Your task is to count the lines of the records that contain "some". Answer with the number and nothing else.

── Given data

(* Let $t$ be a positive integer and let $G_t$ be the labeling of the complete graph $K_{2t}$ in which the edges of a fixed perfect matching ($t$ pairwise disjoint edges) are labeled $-$ and all other edges are labeled $+$. If $\mathcal{C}$ is a clustering (partition of the vertex set) of $G_t$ with more than one cluster, then some vertex of $G_t$ has at least $t-1$ errors in $\mathcal{C}$.
   Context: An error at a vertex $v$ in a clustering is an edge incident to $v$ that is either a $+$ edge whose endpoints lie in different clusters or a $-$ edge whose endpoints lie in the same cluster. *)

From mathcomp Require Import all_boot.
Set Implicit Arguments. Unset Strict Implicit. Unset Printing Implicit Defensive.

(* A perfect matching on the vertex set T is encoded by a fixed-point-free
   involution m : T -> T; its edges are the pairs {x, m x}. *)
Definition perfect_matching (T : finType) (m : T -> T) : Prop :=
  (forall x, m (m x) = x) /\ (forall x, m x != x).

Definition minus_edge (T : finType) (m : T -> T) (u v : T) : bool :=
  (u != v) && (v == m u).
Definition plus_edge (T : finType) (m : T -> T) (u v : T) : bool :=
  (u != v) && (v != m u).

Definition errors (T : finType) (m : T -> T) (P : {set {set T}}) (v : T) : nat :=
  #|[set u | (plus_edge m v u && (pblock P u != pblock P v))
           || (minus_edge m v u && (pblock P u == pblock P v))]|.

From mathcomp Require Import all_boot.
From mathcomp Require Import zify.
Set Implicit Arguments. Unset Strict Implicit. Unset Printing Implicit Defensive.

(* A vertex v is joined by a + edge to every vertex outside its cluster except
   its partner m v, and each of these edges is an error; so v has at least
   #|T| - #|cluster of v| - 1 errors.  With two or more clusters, some cluster
   has at most half of the 2t vertices, and any vertex in it has t - 1 errors. *)

Lemma errors_ge_outside_pblock (T : finType) (m : T -> T) (P : {set {set T}}) :
  partition P [set: T] -> forall v, #|T| - #|pblock P v| - 1 <= errors m P v.
Proof.
move=> partP v; have [/eqP coverP _ _] := and3P partP.
have v_own : v \in pblock P v by rewrite mem_pblock coverP inE.
have outside_sub : (~: pblock P v) :\ m v \subset
    [set u | (plus_edge m v u && (pblock P u != pblock P v))
          || (minus_edge m v u && (pblock P u == pblock P v))].
  apply/subsetP => u; rewrite !inE => /andP[u_mv u_out]; apply/orP; left.
  have u_v : v != u by apply: contraNneq u_out => <-.
  rewrite /plus_edge u_v u_mv /=; apply: contraNneq u_out => <-.
  by rewrite mem_pblock coverP inE.
have := subset_leq_card outside_sub; rewrite /errors.
have := cardsD1 (m v) (~: pblock P v); have := cardsC (pblock P v).
case: (m v \in _) => /=; lia.
Qed.

Lemma exists_small_pblock (T : finType) (P : {set {set T}}) :
  partition P [set: T] -> 1 < #|P| -> exists v : T, 2 * #|pblock P v| <= #|T|.
Proof.
move=> partP /card_gt1P[A [B [AP BP AB]]].
have [_ trivP P_no0] := and3P partP.
have disjAB : [disjoint A & B] by move/trivIsetP: trivP; apply.
have cardAB : #|A| + #|B| <= #|T|.
  have /eqP <- : #|A :|: B| == #|A| + #|B| by rewrite (leq_card_setU A B).2.
  exact: max_card.
have block_of C : C \in P -> exists v, pblock P v = C.
  move=> CP; have [v vC] : exists v, v \in C.
    by apply/set0Pn; apply: contraNneq P_no0 => <-.
  by exists v; apply: def_pblock.
have [leA | ltB] := leqP #|A| #|B|.
  by have [v vA] := block_of A AP; exists v; rewrite vA; lia.
by have [v vB] := block_of B BP; exists v; rewrite vB; lia.
Qed.

Theorem lemma1 (t : nat) (T : finType) (m : T -> T) (P : {set {set T}}) :
  0 < t -> #|T| = 2 * t -> perfect_matching m ->
  partition P [set: T] -> 1 < #|P| ->
  exists v : T, t.-1 <= errors m P v.
Proof.
move=> _ cardT _ partP manyP.
have [v small_v] := exists_small_pblock partP manyP.
exists v; have := errors_ge_outside_pblock m partP v; lia.
Qed.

────

**Result for this task**
2